I felt exposed, futile, and wanted only to be back at my table.

When I got back I took up my sandwich. It had happened quickly; there had been no disturbance. The Germans stared at me. But I was indifferent to them now as I was indifferent to the Italian in the cerise jersey. The Italian women had stood up, the group was leaving; and he was ostentatiously shaking out lunch-boxes and sandwich wrappers onto the sand.

The children remained where they were. The man from whom I had taken the whip came to give me coffee and to plead again in Arabic and English. The coffee was free; it was· his gift to me. But even while he was talking the children had begun to come closer. Soon they would be back, raking the sand for what they had seen the Italian throw out.

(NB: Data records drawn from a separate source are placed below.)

(* Suppose the set $\mathcal P_e$ of PNE of the M-FSIG is nonempty, let $\tilde{\mathbf a}\in\arg\min_{\mathbf a\in\mathcal P_e}W(\mathbf a)$ and let $\mathcal S_{\tilde{\mathbf a}}$ be the set of sharing users in $\tilde{\mathbf a}$. Then \[ \frac{\min_{\mathbf a\in\mathcal P_e}W(\mathbf a)}{\max_{\mathbf a\in\{1,\dots,K\}^N}W(\mathbf a)}\ \ge\ \frac{\sum_{n\in\{1,\dots,N\}\setminus\mathcal S_{\tilde{\mathbf a}}}w_n\log_2\!\big(1+\frac{P_n}{N_0}|h_{n,n,(K-M+1)}|^2\big)}{\sum_{n=1}^N w_n\log_2\!\big(1+\frac{P_n}{N_0}|h_{n,n,(K)}|^2\big)}. \]
   Context: $N$ users, $K$ REs, nonzero complex channel gains $h_{n_1,n_2,k}$, powers $P_n>0$, noise $N_0>0$, weights $w_n>0$. Profiles $\mathbf a\in\{1,\dots,K\}^N$; interference $I_k(\mathbf a_{-n})=\sum_{m'\ne n:\,a_{m'}=k}|h_{m',n,k}|^2P_{m'}$; rate $R_n(\mathbf a)=\log_2\!\big(1+\frac{P_n|h_{n,n,a_n}|^2}{N_0+I_{a_n}(\mathbf a_{-n})}\big)$; $W(\mathbf a)=\sum_n w_nR_n(\mathbf a)$. $|h_{n,n,(j)}|$ is the $j$-th smallest of $|h_{n,n,1}|,\dots,|h_{n,n,K}|$. M-FSIG with integer parameter $1\le M\le K$: utility $u_n(\mathbf a)=\log_2\!\big(1+\frac{P_n|h_{n,n,(K-M+1)}|^2}{N_0+I_{a_n}(\mathbf a_{-n})}\big)$ if $|h_{n,n,a_n}|\ge|h_{n,n,(K-M+1)}|$, and $0$ otherwise; PNE are profiles where no user can strictly improve his utility unilaterally. A sharing user is a user $n$ such that $a_{m'}=a_n$ for some $m'\neq n$. *)

From Stdlib Require Import Reals List Arith.
Import ListNotations.
Open Scope R_scope.

(* Users are indexed 0..N-1, resource elements (REs) 0..K-1
   (the paper's 1..N and 1..K shifted by one). *)

(* Complex numbers as pairs (re, im); modulus. *)
Definition cabs (z : R * R) : R := sqrt (fst z ^ 2 + snd z ^ 2).

Definition log2 (x : R) : R := ln x / ln 2.

Definition fsum (n : nat) (f : nat -> R) : R :=
  fold_right (fun i acc => f i + acc) 0 (seq 0 n).

(* j-th smallest (1-based j, 1 <= j <= K) of the values x 0, ..., x (K-1):
   the minimum of those values v such that #{k < K | x k <= v} >= j. *)
Definition cnt_le (K : nat) (x : nat -> R) (v : R) : nat :=
  length (filter (fun k => if Rle_dec (x k) v then true else false) (seq 0 K)).

Definition ordstat (K : nat) (x : nat -> R) (j : nat) : R :=
  let mx := fold_right (fun k acc => Rmax (x k) acc) (x 0%nat) (seq 0 K) in
  fold_right (fun k acc => Rmin (x k) acc) mx
    (filter (fun k => Nat.leb j (cnt_le K x (x k))) (seq 0 K)).

(* A strategy profile: a n is the RE chosen by user n (for n < N). *)
Definition valid_profile (N K : nat) (a : nat -> nat) : Prop :=
  forall n, (n < N)%nat -> (a n < K)%nat.

Definition upd (a : nat -> nat) (n k : nat) : nat -> nat :=
  fun m => if Nat.eqb m n then k else a m.
(* Let $N,L\ge1$. Then for any $k\in\mathbb{R}^2$ and any $A\ge|k|$, the set \[ \{k'\in\mathbb{R}^2:\ |k'|\le N,\ |k-k'|\le N,\ |k'|+|k-k'|\in[A,A+L]\} \] can be covered by at most $O(N^{\frac32}L^{\frac12})$ squares of unit side length, with the implied constant independent of $N,L,k,A$. *)

From Stdlib Require Import Reals List.
Open Scope R_scope.

Definition norm2 (p : R * R) : R := sqrt (fst p ^ 2 + snd p ^ 2).

Definition sub2 (p q : R * R) : R * R := (fst p - fst q, snd p - snd q).

Definition in_unit_square (c p : R * R) : Prop :=
  fst c <= fst p <= fst c + 1 /\ snd c <= snd p <= snd c + 1.

Definition shell_set (N L A : R) (k : R * R) (k' : R * R) : Prop :=
  norm2 k' <= N /\ norm2 (sub2 k k') <= N /\
  A <= norm2 k' + norm2 (sub2 k k') <= A + L.

(* Cut the disc |k'| <= N into about 2N vertical strips of unit width.  Inside a
   strip the focal sum |p| + |k - p| changes by at most 2, so it suffices to cover,
   on a single vertical line, the y with s1 <= |p| + |k - p| <= s2, where
   s1 = A - 2 and s2 = A + L + 2.  The sublevel set {|p| + |k - p| <= s} is the
   ellipse with foci 0 and k, which meets the line in an explicit segment.  After
   exchanging coordinates so that |k2| <= |k1|, the centre of that segment moves by
   O(s2 - s1) and its half-length grows by O(sqrt (s2 (s2 - s1))) as s goes from s1
   to s2, so the slice consists of two intervals of length O(L + sqrt (N L)) (for
   L > N the whole segment |y| <= N is cheaper).  The N^(3/2) L^(1/2) bound follows
   by summing over the strips. *)

From Stdlib Require Import Reals List Lra Lia Psatz ZArith.
Open Scope R_scope.

Definition covers_line (ts : list R) (S : R -> Prop) : Prop :=
  forall y, S y -> exists t, In t ts /\ t <= y <= t + 1.

Definition covers (squares : list (R * R)) (S : R * R -> Prop) : Prop :=
  forall p, S p -> exists c, In c squares /\ in_unit_square c p.

Lemma nat_floor_exists (t : R) : 0 <= t -> exists j : nat, INR j <= t < INR j + 1.
Proof.
  intros Ht. destruct (base_Int_part t) as [H1 H2].
  assert (Hz : (-1 < Int_part t)%Z) by (apply lt_IZR; simpl; lra).
  exists (Z.to_nat (Int_part t)). rewrite INR_IZR_INZ, Z2Nat.id by lia. lra.
Qed.

Lemma nat_ceil_exists (t : R) : 0 < t -> exists n : nat, t < INR n <= t + 1.
Proof.
  intros Ht. destruct (archimed t) as [H1 H2].
  assert (Hz : (0 < up t)%Z) by (apply lt_IZR; simpl; lra).
  exists (Z.to_nat (up t)). rewrite INR_IZR_INZ, Z2Nat.id by lia. lra.
Qed.

Lemma covers_line_interval (a b : R) :
  exists ts, INR (length ts) <= Rmax 0 (b - a) + 2 /\
             covers_line ts (fun y => a <= y <= b).
Proof.
  destruct (Rlt_dec b a) as [Hba | Hab].
  - exists nil. split.
    + simpl. unfold Rmax. destruct Rle_dec; lra.
    + intros y Hy. lra.
  - destruct (nat_ceil_exists (b - a + 1)) as [n Hn]; [lra |].
    exists (map (fun j => a + INR j) (seq 0 n)). split.
    + rewrite length_map, length_seq. unfold Rmax. destruct Rle_dec; lra.
    + intros y Hy. destruct (nat_floor_exists (y - a)) as [j Hj]; [lra |].
      exists (a + INR j). split; [| lra].
      apply (in_map (fun j => a + INR j)), in_seq. split; [lia |]. apply INR_lt. simpl. lra.
Qed.

Lemma covers_line_app (ts1 ts2 : list R) (S S1 S2 : R -> Prop) :
  (forall y, S y -> S1 y \/ S2 y) ->
  covers_line ts1 S1 -> covers_line ts2 S2 -> covers_line (ts1 ++ ts2) S.
Proof.
  intros HS H1 H2 y Hy.
  destruct (HS y Hy) as [Hy1 | Hy2].
  - destruct (H1 y Hy1) as [t [Ht Hyt]]. exists t. split; [apply in_or_app; left |]; auto.
  - destruct (H2 y Hy2) as [t [Ht Hyt]]. exists t. split; [apply in_or_app; right |]; auto.
Qed.

Lemma covers_column (x0 : R) (ts : list R) (S : R -> Prop) :
  covers_line ts S ->
  covers (map (fun t => (x0, t)) ts) (fun p => x0 <= fst p <= x0 + 1 /\ S (snd p)).
Proof.
  intros H [x y] [Hx Hy]. destruct (H y Hy) as [t [Ht Hyt]].
  exists (x0, t). split; [apply (in_map (fun t => (x0, t))); auto |].
  unfold in_unit_square. simpl in *. lra.
Qed.

Lemma covers_indexed_union (S : nat -> R * R -> Prop) (B : R) (M : nat) :
  0 <= B ->
  (forall m, (m < M)%nat -> exists sq, INR (length sq) <= B /\ covers sq (S m)) ->
  exists sq, INR (length sq) <= INR M * B /\
             covers sq (fun p => exists m, (m < M)%nat /\ S m p).
Proof.
  intros HB. induction M as [| M IH]; intros H.
  - exists nil. split; [simpl; lra |]. intros p [m [Hm _]]. lia.
  - destruct IH as [sq [Hl Hc]]; [intros m Hm; apply H; lia |].
    destruct (H M ltac:(lia)) as [sq' [Hl' Hc']].
    exists (sq ++ sq'). split.
    + rewrite length_app, plus_INR, S_INR, Rmult_plus_distr_r, Rmult_1_l. lra.
    + intros p [m [Hm Hp]]. destruct (Nat.eq_dec m M) as [-> | Hne].
      * destruct (Hc' p Hp) as [c [Hin Hcp]]. exists c. split; [apply in_or_app; right |]; auto.
      * assert (HmM : (m < M)%nat) by lia.
        destruct (Hc p (ex_intro _ m (conj HmM Hp))) as [c [Hin Hcp]].
        exists c. split; [apply in_or_app; left |]; auto.
Qed.

Lemma covers_weaken (sq : list (R * R)) (S S' : R * R -> Prop) :
  (forall p, S' p -> S p) -> covers sq S -> covers sq S'.
Proof. intros HS H p Hp. exact (H p (HS p Hp)). Qed.

Lemma covers_swap (sq : list (R * R)) (S : R * R -> Prop) :
  covers sq S ->
  covers (map (fun c => (snd c, fst c)) sq) (fun p => S (snd p, fst p)).
Proof.
  intros H [x y] Hp. destruct (H (y, x) Hp) as [[c1 c2] [Hin Hc]].
  exists (c2, c1). split; [apply (in_map (fun c => (snd c, fst c))) in Hin; auto |].
  unfold in_unit_square in *. simpl in *. tauto.
Qed.

Lemma sqrt_le_of_le_sq (a b : R) : 0 <= b -> a <= b ^ 2 -> sqrt a <= b.
Proof. intros Hb Ha. rewrite <- (sqrt_pow2 b Hb). apply sqrt_le_1_alt. exact Ha. Qed.

Lemma le_sqrt_of_sq_le (a b : R) : 0 <= a -> a ^ 2 <= b -> a <= sqrt b.
Proof. intros Ha Hb. rewrite <- (sqrt_pow2 a Ha). apply sqrt_le_1_alt. exact Hb. Qed.

Lemma le_sqrt_mul (a b : R) : 0 <= a <= b -> a <= sqrt (a * b).
Proof. intros Hab. apply le_sqrt_of_sq_le; nra. Qed.

Lemma sqrt_le_add (a b t : R) : 0 <= a -> 0 <= t -> b <= a + t ^ 2 ->
  sqrt b <= sqrt a + t.
Proof.
  intros Ha Ht Hb. pose proof (sqrt_pos a). pose proof (pow2_sqrt a Ha).
  apply sqrt_le_of_le_sq; nra.
Qed.

Lemma Rabs_le_sqrt_sum_sq (x y : R) : Rabs x <= sqrt (x ^ 2 + y ^ 2).
Proof.
  apply le_sqrt_of_sq_le; [apply Rabs_pos |].
  rewrite <- Rsqr_pow2, <- Rsqr_abs, Rsqr_pow2. pose proof (pow2_ge_0 y). lra.
Qed.

Lemma sqrt_sum_sq_lipschitz (a b y : R) :
  sqrt (a ^ 2 + y ^ 2) <= sqrt (b ^ 2 + y ^ 2) + Rabs (a - b).
Proof.
  pose proof (Rabs_le_sqrt_sum_sq b y). pose proof (Rabs_pos b).
  pose proof (Rabs_pos (a - b)). pose proof (sqrt_pos (b ^ 2 + y ^ 2)).
  pose proof (pow2_sqrt (b ^ 2 + y ^ 2) ltac:(nra)).
  assert (b * (a - b) <= Rabs b * Rabs (a - b)) by (rewrite <- Rabs_mult; apply Rle_abs).
  assert (Rabs (a - b) ^ 2 = (a - b) ^ 2) by (rewrite <- !Rsqr_pow2; symmetry; apply Rsqr_abs).
  apply sqrt_le_of_le_sq; nra.
Qed.

Lemma Rdiv_le_upper_bound (a b c : R) : 0 < b -> a <= c * b -> a / b <= c.
Proof.
  intros Hb H. apply (Rmult_le_reg_r b); [exact Hb |]. unfold Rdiv.
  rewrite Rmult_assoc, Rinv_l, Rmult_1_r by lra. exact H.
Qed.

Lemma Rabs_le_of_sq_le (a b : R) : 0 <= b -> a ^ 2 <= b ^ 2 -> Rabs a <= b.
Proof.
  intros Hb H. rewrite <- (Rabs_right b) by lra. apply Rsqr_le_abs_0.
  rewrite !Rsqr_pow2. exact H.
Qed.

Definition focal_sum (k1 k2 x y : R) : R :=
  sqrt (x ^ 2 + y ^ 2) + sqrt ((k1 - x) ^ 2 + (k2 - y) ^ 2).

(* For |k| < s the vertical line through x meets the ellipse
   {p | |p| + |k - p| <= s} in the segment with centre [chord_center] and
   half-length [chord_radius]; [chord_disc] is the discriminant of the quadratic
   equation in y describing the boundary, in factored form. *)
Definition chord_disc (k1 k2 s x : R) : R :=
  (s ^ 2 - (k1 ^ 2 + k2 ^ 2)) * (s ^ 2 - k2 ^ 2 - (2 * x - k1) ^ 2).

Definition chord_center (k1 k2 s x : R) : R :=
  (s ^ 2 - (k1 ^ 2 + k2 ^ 2) + 2 * k1 * x) * k2 / (2 * (s ^ 2 - k2 ^ 2)).

Definition chord_radius (k1 k2 s x : R) : R :=
  s / (2 * (s ^ 2 - k2 ^ 2)) * sqrt (chord_disc k1 k2 s x).

Lemma dot_le_norms (k1 k2 x y : R) :
  k1 * x + k2 * y <= sqrt (k1 ^ 2 + k2 ^ 2) * sqrt (x ^ 2 + y ^ 2).
Proof. rewrite <- !Rsqr_pow2. apply sqrt_cauchy. Qed.

Lemma sqrt_sum_sq_sq (x y : R) : sqrt (x ^ 2 + y ^ 2) ^ 2 = x ^ 2 + y ^ 2.
Proof. apply pow2_sqrt. pose proof (pow2_ge_0 x). pose proof (pow2_ge_0 y). lra. Qed.

Lemma norm_bound_of_focal_sum_le (k1 k2 s x y : R) :
  focal_sum k1 k2 x y <= s ->
  2 * s * sqrt (x ^ 2 + y ^ 2) <= s ^ 2 - (k1 ^ 2 + k2 ^ 2) + 2 * (k1 * x + k2 * y).
Proof.
  unfold focal_sum. intros Hg.
  pose proof (sqrt_sum_sq_sq x y). pose proof (sqrt_sum_sq_sq (k1 - x) (k2 - y)).
  pose proof (sqrt_pos (x ^ 2 + y ^ 2)). pose proof (sqrt_pos ((k1 - x) ^ 2 + (k2 - y) ^ 2)).
  nra.
Qed.
Lemma cell_solvable_of_profile F s lam p w0 :
  0 < s < 1 -> w0 1 = w0 0 + p ->
  (forall t, 0 < t < 1 -> exists a b, side_deriv (-1) w0 t a /\ side_deriv 1 w0 t b /\
     kink_admissible F a b (tent s t + lam)) ->
  (exists a b, side_deriv (-1) w0 1 a /\ side_deriv 1 w0 0 b /\ kink_admissible F a b lam) ->
  cell_solvable F s p lam.
Proof.
  intros Hs Hjump Hint Hend. exists (periodic_ext p w0).
  split; [| apply periodic_ext_periodic; auto].
  apply visc_sol_of_kinks. intros x0.
  destruct (base_Int_part x0) as [B1 B2]. set (k := Int_part x0) in *.
  destruct (Req_dec x0 (IZR k)) as [E | E].
  - destruct Hend as (a & b & Ha & Hb & K). exists a, b. split; [| split].
    + apply (periodic_ext_side_deriv p w0 Hjump (-1) (k - 1) x0 a 1); try lra.
      * intros h Hh. rewrite minus_IZR. lra.
      * rewrite minus_IZR. replace (x0 - (IZR k - 1)) with 1 by lra. exact Ha.
    + apply (periodic_ext_side_deriv p w0 Hjump 1 k x0 b 1); try lra.
      * intros h Hh. lra.
      * replace (x0 - IZR k) with 0 by lra. exact Hb.
    + rewrite E, <- (Rplus_0_r (IZR k)), Vr_IZR_plus, tent_left by lra.
      unfold Rdiv. rewrite Rmult_0_l, Rplus_0_l. exact K.
  - set (t := x0 - IZR k).
    destruct (Hint t) as (a & b & Ha & Hb & K); [unfold t; lra |].
    exists a, b. split; [| split].
    + apply (periodic_ext_side_deriv p w0 Hjump (-1) k x0 a t); auto; unfold t; try lra.
      intros h Hh. lra.
    + apply (periodic_ext_side_deriv p w0 Hjump 1 k x0 b (1 - t)); auto; unfold t; try lra.
      intros h Hh. lra.
    + replace x0 with (IZR k + t) by (unfold t; ring).
      rewrite Vr_IZR_plus by (unfold t; lra). exact K.
Qed.

(** * Comparison principle *)

Definition clamp (c d y : R) : R := Rmax c (Rmin y d).

Section Clamp.
Variables c d : R.
Hypothesis Hcd : c <= d.

Lemma clamp_in y : c <= clamp c d y <= d.
Proof. unfold clamp, Rmax, Rmin. repeat destruct Rle_dec; lra. Qed.

Lemma clamp_id y : c <= y <= d -> clamp c d y = y.
Proof. intros. unfold clamp, Rmax, Rmin. repeat destruct Rle_dec; lra. Qed.

Lemma clamp_dist y y' : Rabs (clamp c d y - clamp c d y') <= Rabs (y - y').
Proof.
  pose proof (Rle_abs (y - y')). pose proof (Rle_abs (- (y - y'))). rewrite Rabs_Ropp in *.
  unfold clamp, Rmax, Rmin. apply Rabs_le. repeat destruct Rle_dec; lra.
Qed.

Lemma clamp_le y y' : y <= y' -> clamp c d y <= clamp c d y'.
Proof. intros. unfold clamp, Rmax, Rmin. repeat destruct Rle_dec; lra. Qed.

Lemma clamp_incr_le y y' : y <= y' -> clamp c d y' - clamp c d y <= y' - y.
Proof. intros. unfold clamp, Rmax, Rmin. repeat destruct Rle_dec; lra. Qed.

Lemma clamp_top y y' : clamp c d y = d -> y <= y' -> clamp c d y' = d.
Proof. intros. unfold clamp, Rmax, Rmin in *. repeat destruct Rle_dec; lra. Qed.

Lemma clamp_bot y y' : clamp c d y = c -> y' <= y -> clamp c d y' = c.
Proof. intros. unfold clamp, Rmax, Rmin in *. repeat destruct Rle_dec; lra. Qed.

End Clamp.

Lemma lipschitz_continuous f K x :
  (forall y y', Rabs (f y - f y') <= K * Rabs (y - y')) -> continuous f x.
Proof.
  intros HK. apply (proj1 (continuity_pt_filterlim f x)). intros eps Heps.
  pose proof (Rabs_pos K).
  exists (eps / (Rabs K + 1)). split; [apply Rdiv_lt_0_compat; lra |].
  intros y [_ Hy]. simpl in *. unfold R_dist in *.
  pose proof (Rabs_pos (y - x)). pose proof (Rle_abs K).
  apply Rle_lt_trans with (Rabs K * Rabs (y - x)); [specialize (HK y x); nra |].
  apply Rle_lt_trans with ((Rabs K + 1) * Rabs (y - x)); [nra |].
  apply (Rmult_lt_compat_l (Rabs K + 1)) in Hy; [| lra].
  replace ((Rabs K + 1) * (eps / (Rabs K + 1))) with eps in Hy by (field; lra). exact Hy.
Qed.

Section Periodic.
Variable u : R -> R.
Hypothesis Hper : forall x, u (x + 1) = u x.

Lemma periodic_INR n x : u (x + INR n) = u x.
Proof.
  revert x; induction n as [| n IH]; intros x.
  - simpl. rewrite Rplus_0_r; auto.
  - rewrite S_INR. replace (x + (INR n + 1)) with ((x + INR n) + 1) by ring.
    rewrite Hper. auto.
Qed.

Lemma periodic_IZR k x : u (x + IZR k) = u x.
Proof.
  destruct (Z_le_gt_dec 0 k) as [Hk | Hk].
  - rewrite <- (Z2Nat.id k Hk), <- INR_IZR_INZ. apply periodic_INR.
  - assert (E : IZR k = - INR (Z.to_nat (- k))).
    { rewrite INR_IZR_INZ, Z2Nat.id by lia. rewrite opp_IZR. ring. }
    rewrite E, <- (periodic_INR (Z.to_nat (- k)) (x + - INR (Z.to_nat (- k)))).
    f_equal; ring.
Qed.

Lemma periodic_bounded : (forall x, continuous u x) -> exists M, forall x, Rabs (u x) <= M.
Proof.
  intros Hc.
  assert (Hc' : forall x, 0 <= x <= 1 -> continuity_pt u x)
    by (intros; apply continuity_pt_filterlim, Hc).
  destruct (continuity_ab_maj u 0 1) as [x1 [Hx1 _]]; [lra | auto |].
  destruct (continuity_ab_min u 0 1) as [x2 [Hx2 _]]; [lra | auto |].
  exists (Rabs (u x1) + Rabs (u x2)). intros x.
  replace x with (frac_part x + IZR (Int_part x)) by (unfold frac_part; ring).
  rewrite periodic_IZR. destruct (base_fp x).
  specialize (Hx1 (frac_part x) ltac:(lra)). specialize (Hx2 (frac_part x) ltac:(lra)).
  pose proof (Rle_abs (u x1)). pose proof (Rle_abs (- u x2)). rewrite Rabs_Ropp in *.
  pose proof (Rabs_pos (u x1)). pose proof (Rabs_pos (u x2)).
  apply Rabs_le. lra.
Qed.

End Periodic.

Lemma periodic_diff_bounded u1 u2 :
  (forall x, u1 (x + 1) = u1 x) -> (forall x, u2 (x + 1) = u2 x) ->
  (forall x, continuous u1 x) -> (forall x, continuous u2 x) ->
  exists M, 0 <= M /\ forall x y, Rabs (u1 x - u2 y) <= M.
Proof.
  intros Hp1 Hp2 Hc1 Hc2.
  destruct (periodic_bounded u1 Hp1 Hc1) as [M1 HM1], (periodic_bounded u2 Hp2 Hc2) as [M2 HM2].
  assert (Hu : forall x y, Rabs (u1 x - u2 y) <= M1 + M2).
  { intros x y. unfold Rminus. eapply Rle_trans; [apply Rabs_triang |].
    rewrite Rabs_Ropp. specialize (HM1 x). specialize (HM2 y). lra. }
  exists (M1 + M2). split; auto. eapply Rle_trans; [apply Rabs_pos | apply (Hu 0 0)].
Qed.

Lemma argmax_choice (Q : R -> R -> R) a b :
  a <= b -> (forall x y, continuous (Q x) y) ->
  exists ym : R -> R, forall x, a <= ym x <= b /\ forall y, a <= y <= b -> Q x y <= Q x (ym x).
Proof.
  intros Hab HQ.
  apply (choice (fun x y => a <= y <= b /\ forall y', a <= y' <= b -> Q x y' <= Q x y)).
  intros x.
  destruct (continuity_ab_maj (Q x) a b Hab) as [y [Hmax Hy]].
  - intros y _. apply continuity_pt_filterlim, HQ.
  - exists y; auto.
Qed.

Lemma penalty_lipschitz c D x x' y :
  Rabs (x - y) <= D -> Rabs (x' - y) <= D ->
  Rabs (c * (x' - y) ^ 2 - c * (x - y) ^ 2) <= Rabs c * (2 * D) * Rabs (x - x').
Proof.
  intros Hx Hx'.
  replace (c * (x' - y) ^ 2 - c * (x - y) ^ 2) with (c * (x' - x) * ((x' - y) + (x - y))) by ring.
  rewrite !Rabs_mult, (Rabs_minus_sym x').
  assert (Rabs ((x' - y) + (x - y)) <= 2 * D) by (eapply Rle_trans; [apply Rabs_triang | lra]).
  assert (0 <= Rabs c * Rabs (x - x')) by (apply Rmult_le_pos; apply Rabs_pos).
  nra.
Qed.

(* Maximise first in [y], for [x] clamped to [[a, b]]: by [penalty_lipschitz]
   the resulting marginal is Lipschitz in [x], hence has a maximum on [[a, b]]. *)
Lemma penalized_max_rect (g h : R -> R) c a b a' b' :
  (forall x, continuous g x) -> (forall y, continuous h y) -> a <= b -> a' <= b' ->
  exists xs ys, a <= xs <= b /\ a' <= ys <= b' /\
    forall x y, a <= x <= b -> a' <= y <= b' ->
      g x + h y - c * (x - y) ^ 2 <= g xs + h ys - c * (xs - ys) ^ 2.
Proof.
  intros Hg Hh Hab Hab'.
  set (Q := fun x y => h y - c * (x - y) ^ 2).
  destruct (argmax_choice (fun x => Q (clamp a b x)) a' b' Hab') as [ym Hym].
  { intros x y. unfold Q. apply (continuous_minus h (fun y => c * (clamp a b x - y) ^ 2)); auto.
    apply (@ex_derive_continuous R_AbsRing R_NormedModule). auto_derive. auto. }
  set (n := fun x => Q (clamp a b x) (ym x)).
  set (K := Rabs c * (2 * (Rabs (b - a') + Rabs (a - b')))).
  assert (HK : 0 <= K).
  { apply Rmult_le_pos; [apply Rabs_pos |].
    pose proof (Rabs_pos (b - a')). pose proof (Rabs_pos (a - b')). lra. }
  assert (HQ : forall x x' y, a <= x <= b -> a <= x' <= b -> a' <= y <= b' ->
             Q x y <= Q x' y + K * Rabs (x - x')).
  { intros x x' y Hx Hx' Hy'.
    assert (Hd : forall z, a <= z <= b -> Rabs (z - y) <= Rabs (b - a') + Rabs (a - b')).
    { intros z Hz. pose proof (Rle_abs (b - a')). pose proof (Rle_abs (- (a - b'))).
      rewrite Rabs_Ropp in *. pose proof (Rabs_pos (b - a')). pose proof (Rabs_pos (a - b')).
      apply Rabs_le. lra. }
    pose proof (penalty_lipschitz c _ x x' y (Hd x Hx) (Hd x' Hx')) as HL.
    apply Rabs_le_between in HL. unfold Q, K. lra. }
  assert (Hn : forall x x', n x <= n x' + K * Rabs (x - x')).
  { intros x x'. unfold n.
    pose proof (clamp_in a b Hab x). pose proof (clamp_in a b Hab x').
    eapply Rle_trans; [apply HQ; eauto; apply Hym |].
    apply Rplus_le_compat; [apply Hym, Hym |].
    apply Rmult_le_compat_l; [auto | apply clamp_dist; auto]. }
  destruct (continuity_ab_maj (fun x => g x + n x) a b) as [xs [Hxs Hxs_in]]; auto.
  { intros x _. apply continuity_pt_filterlim, (continuous_plus g n); auto.
    apply (lipschitz_continuous n K). intros y y'. apply Rabs_le.
    pose proof (Hn y y'). pose proof (Hn y' y). rewrite Rabs_minus_sym in H0. lra. }
  exists xs, (ym xs). destruct (Hym xs) as [Hys Hmax]. split; [| split]; auto.
  intros x y Hx Hy'. specialize (Hxs x Hx). destruct (Hym x) as [_ Hmx].
  specialize (Hmx y Hy'). unfold n, Q in *. rewrite !(clamp_id a b) in * by auto. lra.
Qed.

I didn't want to see that. The driver was waiting, leaning against the car door, his bare arms crossed. He had seen all that had happened. From him, an emancipated young man of the desert in belted trousers and sports shirt, with his thoughts of Cairo, I was expecting some gesture, some sign of approval. He smiled at me with the corners of his wide mouth, with his narrow eyes. He crushed his cigarette in the sand and slowly breathed out smoke through his lips; he sighed. But that was his way of smoking. I couldn't tell what he thought. He was as correct as before, he looked as bored.